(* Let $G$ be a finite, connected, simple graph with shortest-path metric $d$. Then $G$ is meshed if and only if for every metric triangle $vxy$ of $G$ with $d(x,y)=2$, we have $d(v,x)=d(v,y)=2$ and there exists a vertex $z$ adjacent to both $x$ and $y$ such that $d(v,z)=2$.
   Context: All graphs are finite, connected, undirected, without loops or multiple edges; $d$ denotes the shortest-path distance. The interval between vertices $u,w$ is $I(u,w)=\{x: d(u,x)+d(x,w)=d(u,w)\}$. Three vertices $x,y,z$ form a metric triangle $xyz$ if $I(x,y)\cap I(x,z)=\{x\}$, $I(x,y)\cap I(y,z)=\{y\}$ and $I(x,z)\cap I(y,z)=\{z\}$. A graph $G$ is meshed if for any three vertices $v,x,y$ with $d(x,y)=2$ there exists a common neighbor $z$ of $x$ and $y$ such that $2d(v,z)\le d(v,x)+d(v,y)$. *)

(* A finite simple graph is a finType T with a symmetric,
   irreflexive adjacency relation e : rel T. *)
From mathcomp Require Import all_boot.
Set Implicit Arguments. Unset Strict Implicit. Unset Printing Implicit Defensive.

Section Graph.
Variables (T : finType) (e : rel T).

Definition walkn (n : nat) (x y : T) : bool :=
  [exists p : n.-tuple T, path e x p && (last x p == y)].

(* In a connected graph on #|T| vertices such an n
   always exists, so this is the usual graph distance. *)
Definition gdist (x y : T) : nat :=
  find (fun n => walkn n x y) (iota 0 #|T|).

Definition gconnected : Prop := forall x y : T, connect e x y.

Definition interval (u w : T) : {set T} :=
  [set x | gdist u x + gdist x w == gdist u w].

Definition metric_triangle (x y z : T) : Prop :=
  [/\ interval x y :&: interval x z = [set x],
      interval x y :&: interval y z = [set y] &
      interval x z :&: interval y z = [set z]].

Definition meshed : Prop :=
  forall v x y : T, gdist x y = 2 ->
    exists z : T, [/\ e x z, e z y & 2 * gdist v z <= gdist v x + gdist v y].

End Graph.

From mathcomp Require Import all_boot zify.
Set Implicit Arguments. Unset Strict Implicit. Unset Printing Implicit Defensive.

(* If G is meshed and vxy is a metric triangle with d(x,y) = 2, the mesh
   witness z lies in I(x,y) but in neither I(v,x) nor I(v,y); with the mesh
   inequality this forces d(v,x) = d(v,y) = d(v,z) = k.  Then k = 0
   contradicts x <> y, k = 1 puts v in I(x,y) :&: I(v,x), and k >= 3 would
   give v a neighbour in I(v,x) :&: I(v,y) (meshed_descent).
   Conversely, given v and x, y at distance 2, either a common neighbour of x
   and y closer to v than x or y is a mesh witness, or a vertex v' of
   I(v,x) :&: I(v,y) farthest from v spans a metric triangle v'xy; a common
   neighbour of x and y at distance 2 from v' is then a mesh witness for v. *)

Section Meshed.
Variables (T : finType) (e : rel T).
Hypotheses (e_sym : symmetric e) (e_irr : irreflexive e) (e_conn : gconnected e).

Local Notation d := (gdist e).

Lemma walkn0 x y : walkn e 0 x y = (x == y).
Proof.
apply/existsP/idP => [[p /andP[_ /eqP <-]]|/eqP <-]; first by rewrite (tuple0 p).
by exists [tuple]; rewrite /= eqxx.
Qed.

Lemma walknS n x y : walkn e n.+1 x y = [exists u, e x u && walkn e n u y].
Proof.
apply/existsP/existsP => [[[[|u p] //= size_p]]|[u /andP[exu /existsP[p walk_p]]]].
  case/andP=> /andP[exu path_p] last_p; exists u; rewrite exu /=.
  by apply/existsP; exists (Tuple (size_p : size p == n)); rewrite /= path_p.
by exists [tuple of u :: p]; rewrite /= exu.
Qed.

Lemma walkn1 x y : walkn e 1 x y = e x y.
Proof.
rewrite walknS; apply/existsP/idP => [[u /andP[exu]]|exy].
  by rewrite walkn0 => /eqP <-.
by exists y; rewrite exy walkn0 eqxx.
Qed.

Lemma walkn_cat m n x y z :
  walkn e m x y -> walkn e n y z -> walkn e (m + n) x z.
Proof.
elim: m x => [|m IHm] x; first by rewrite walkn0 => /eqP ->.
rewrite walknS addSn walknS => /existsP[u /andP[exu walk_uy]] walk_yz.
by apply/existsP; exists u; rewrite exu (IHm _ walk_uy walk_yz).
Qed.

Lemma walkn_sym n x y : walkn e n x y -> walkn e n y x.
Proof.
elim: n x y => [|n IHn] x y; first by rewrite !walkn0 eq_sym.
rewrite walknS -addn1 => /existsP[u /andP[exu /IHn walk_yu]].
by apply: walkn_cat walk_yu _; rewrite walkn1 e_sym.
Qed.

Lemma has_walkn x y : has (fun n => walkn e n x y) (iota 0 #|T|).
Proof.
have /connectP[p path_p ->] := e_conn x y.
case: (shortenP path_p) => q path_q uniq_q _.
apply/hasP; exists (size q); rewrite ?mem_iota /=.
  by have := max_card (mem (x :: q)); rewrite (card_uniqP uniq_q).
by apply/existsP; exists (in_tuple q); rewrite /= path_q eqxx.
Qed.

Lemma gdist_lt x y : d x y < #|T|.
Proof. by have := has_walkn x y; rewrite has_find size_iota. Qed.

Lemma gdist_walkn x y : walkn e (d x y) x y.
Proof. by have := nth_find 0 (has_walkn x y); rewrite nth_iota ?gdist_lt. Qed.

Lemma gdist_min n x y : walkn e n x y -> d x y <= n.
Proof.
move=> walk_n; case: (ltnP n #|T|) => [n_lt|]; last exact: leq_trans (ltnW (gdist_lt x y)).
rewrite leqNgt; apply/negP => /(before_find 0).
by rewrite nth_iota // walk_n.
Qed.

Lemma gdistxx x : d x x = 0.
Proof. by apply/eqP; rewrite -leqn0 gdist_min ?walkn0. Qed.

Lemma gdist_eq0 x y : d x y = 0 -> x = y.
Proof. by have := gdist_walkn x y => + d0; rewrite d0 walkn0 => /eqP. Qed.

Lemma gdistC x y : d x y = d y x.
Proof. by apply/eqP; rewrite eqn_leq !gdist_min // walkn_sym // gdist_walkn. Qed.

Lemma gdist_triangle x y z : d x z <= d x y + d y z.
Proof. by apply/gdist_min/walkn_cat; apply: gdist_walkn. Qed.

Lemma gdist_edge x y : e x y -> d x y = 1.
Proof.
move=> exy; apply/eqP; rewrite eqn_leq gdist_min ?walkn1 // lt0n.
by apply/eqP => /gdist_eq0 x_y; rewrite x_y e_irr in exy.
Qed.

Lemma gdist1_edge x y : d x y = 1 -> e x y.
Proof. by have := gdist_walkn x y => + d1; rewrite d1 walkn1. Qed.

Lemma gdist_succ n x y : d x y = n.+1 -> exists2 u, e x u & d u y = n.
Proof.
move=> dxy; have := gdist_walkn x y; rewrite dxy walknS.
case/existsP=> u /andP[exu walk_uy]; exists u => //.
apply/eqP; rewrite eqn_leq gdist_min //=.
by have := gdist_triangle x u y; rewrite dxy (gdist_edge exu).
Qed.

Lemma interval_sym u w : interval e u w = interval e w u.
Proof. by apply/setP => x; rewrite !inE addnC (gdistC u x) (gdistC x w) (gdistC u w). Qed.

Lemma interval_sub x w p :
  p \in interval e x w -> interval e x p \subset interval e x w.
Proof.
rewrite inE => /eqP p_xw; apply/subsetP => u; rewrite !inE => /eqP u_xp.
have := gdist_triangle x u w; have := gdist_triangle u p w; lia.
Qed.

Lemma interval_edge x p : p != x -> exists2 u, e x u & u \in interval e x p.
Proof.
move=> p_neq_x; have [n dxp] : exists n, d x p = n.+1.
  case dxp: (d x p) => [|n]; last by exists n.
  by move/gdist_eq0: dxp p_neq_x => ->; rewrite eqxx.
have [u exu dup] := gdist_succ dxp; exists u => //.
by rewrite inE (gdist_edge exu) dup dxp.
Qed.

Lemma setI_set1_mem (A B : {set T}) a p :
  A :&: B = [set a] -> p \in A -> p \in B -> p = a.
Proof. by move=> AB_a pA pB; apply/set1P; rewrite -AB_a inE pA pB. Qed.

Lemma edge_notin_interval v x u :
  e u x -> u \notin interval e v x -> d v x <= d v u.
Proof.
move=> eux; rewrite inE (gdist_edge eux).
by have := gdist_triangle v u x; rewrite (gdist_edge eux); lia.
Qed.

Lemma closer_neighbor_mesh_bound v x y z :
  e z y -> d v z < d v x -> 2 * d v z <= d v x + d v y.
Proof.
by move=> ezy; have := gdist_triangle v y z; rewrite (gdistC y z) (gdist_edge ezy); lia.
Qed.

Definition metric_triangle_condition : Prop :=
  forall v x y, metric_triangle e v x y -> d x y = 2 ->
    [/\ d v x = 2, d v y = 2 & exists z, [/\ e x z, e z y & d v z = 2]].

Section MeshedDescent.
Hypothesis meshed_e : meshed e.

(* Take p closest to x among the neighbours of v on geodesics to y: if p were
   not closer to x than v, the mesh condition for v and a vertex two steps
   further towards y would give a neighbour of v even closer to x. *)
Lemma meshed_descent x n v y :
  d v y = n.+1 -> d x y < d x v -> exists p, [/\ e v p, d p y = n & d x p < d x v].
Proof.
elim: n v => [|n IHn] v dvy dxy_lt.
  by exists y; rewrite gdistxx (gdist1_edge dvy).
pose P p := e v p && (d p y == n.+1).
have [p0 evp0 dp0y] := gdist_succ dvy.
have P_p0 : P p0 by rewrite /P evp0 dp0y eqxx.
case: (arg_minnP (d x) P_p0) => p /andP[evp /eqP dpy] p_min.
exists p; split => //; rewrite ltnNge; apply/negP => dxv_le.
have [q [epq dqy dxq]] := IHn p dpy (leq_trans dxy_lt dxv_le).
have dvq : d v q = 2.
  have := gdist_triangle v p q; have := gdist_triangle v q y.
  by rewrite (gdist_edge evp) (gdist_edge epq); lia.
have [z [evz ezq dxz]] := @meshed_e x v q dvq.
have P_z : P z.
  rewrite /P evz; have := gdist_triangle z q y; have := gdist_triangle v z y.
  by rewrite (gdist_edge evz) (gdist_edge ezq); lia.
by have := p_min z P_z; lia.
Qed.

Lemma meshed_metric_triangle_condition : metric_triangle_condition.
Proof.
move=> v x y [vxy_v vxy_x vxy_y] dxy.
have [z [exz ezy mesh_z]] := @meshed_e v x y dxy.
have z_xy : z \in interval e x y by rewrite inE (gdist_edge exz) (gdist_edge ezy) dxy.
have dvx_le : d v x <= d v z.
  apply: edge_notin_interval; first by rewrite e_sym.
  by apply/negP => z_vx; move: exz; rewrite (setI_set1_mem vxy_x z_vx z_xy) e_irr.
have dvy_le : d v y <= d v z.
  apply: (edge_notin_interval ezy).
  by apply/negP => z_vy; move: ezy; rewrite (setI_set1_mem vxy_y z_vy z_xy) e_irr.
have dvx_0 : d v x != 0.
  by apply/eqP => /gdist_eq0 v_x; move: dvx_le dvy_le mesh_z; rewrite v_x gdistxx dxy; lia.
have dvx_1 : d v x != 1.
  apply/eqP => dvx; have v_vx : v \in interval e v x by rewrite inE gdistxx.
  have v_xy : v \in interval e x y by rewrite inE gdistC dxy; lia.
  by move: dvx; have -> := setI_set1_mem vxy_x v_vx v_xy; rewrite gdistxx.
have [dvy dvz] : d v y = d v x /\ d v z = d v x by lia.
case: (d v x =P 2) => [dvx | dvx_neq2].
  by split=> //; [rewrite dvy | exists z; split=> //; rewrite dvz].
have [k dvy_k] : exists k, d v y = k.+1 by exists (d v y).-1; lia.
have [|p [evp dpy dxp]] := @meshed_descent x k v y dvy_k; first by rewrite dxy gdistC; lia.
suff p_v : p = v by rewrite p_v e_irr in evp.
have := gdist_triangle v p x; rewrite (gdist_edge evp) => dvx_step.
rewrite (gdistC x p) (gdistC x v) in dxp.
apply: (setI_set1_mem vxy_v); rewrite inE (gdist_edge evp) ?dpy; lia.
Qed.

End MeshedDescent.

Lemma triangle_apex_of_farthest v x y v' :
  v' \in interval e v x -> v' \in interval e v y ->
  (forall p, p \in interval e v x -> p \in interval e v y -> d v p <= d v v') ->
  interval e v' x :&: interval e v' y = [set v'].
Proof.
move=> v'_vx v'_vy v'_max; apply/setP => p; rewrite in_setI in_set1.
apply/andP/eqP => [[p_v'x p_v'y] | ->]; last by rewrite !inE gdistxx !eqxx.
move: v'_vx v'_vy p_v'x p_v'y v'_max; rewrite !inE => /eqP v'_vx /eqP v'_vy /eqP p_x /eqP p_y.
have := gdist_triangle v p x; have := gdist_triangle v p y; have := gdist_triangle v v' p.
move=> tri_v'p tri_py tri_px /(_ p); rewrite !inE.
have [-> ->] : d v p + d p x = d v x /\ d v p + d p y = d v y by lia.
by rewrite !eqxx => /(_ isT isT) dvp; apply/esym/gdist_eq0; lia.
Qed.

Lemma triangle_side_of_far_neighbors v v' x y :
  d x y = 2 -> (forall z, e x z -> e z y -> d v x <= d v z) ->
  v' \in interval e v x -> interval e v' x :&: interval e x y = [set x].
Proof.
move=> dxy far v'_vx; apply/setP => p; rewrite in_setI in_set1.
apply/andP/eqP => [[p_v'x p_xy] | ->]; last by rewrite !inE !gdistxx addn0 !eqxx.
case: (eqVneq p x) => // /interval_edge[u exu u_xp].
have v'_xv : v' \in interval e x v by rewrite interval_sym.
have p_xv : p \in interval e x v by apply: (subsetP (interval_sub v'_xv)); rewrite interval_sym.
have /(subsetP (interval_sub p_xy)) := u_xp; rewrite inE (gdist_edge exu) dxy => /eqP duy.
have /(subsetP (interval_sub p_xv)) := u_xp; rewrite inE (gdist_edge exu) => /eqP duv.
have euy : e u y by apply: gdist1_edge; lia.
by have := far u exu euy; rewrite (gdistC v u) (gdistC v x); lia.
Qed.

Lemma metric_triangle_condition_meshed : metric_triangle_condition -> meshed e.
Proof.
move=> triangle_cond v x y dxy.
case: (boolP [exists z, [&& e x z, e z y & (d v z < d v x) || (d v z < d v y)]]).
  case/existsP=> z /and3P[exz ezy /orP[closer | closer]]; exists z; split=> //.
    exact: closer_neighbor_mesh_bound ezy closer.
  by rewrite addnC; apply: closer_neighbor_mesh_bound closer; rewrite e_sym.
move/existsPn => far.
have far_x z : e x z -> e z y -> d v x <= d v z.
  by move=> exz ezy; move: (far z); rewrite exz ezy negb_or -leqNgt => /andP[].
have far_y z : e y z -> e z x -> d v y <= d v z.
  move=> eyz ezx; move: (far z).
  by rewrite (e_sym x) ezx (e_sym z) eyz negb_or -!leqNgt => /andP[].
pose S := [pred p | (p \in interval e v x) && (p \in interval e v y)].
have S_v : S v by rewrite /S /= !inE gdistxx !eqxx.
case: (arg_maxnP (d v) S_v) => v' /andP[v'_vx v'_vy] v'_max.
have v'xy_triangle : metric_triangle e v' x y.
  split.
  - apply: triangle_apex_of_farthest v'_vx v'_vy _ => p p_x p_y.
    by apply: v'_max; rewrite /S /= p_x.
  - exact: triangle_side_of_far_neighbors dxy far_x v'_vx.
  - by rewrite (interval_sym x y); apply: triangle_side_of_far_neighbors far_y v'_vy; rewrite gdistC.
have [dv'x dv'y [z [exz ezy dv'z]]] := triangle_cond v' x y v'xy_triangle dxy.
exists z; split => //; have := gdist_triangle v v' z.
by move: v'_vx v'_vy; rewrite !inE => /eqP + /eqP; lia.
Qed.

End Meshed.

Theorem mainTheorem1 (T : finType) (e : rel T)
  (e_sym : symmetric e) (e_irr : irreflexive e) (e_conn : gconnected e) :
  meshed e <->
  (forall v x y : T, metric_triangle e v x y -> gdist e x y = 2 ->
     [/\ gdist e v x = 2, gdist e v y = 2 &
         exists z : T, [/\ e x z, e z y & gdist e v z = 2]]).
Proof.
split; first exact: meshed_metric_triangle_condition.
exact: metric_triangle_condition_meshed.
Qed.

====

Show a copy of each line from the records above in which the string "elim" occurs.

» Task answer
elim: m x => [|m IHm] x; first by rewrite walkn0 => /eqP ->.
elim: n x y => [|n IHn] x y; first by rewrite !walkn0 eq_sym.
elim: n v => [|n IHn] v dvy dxy_lt.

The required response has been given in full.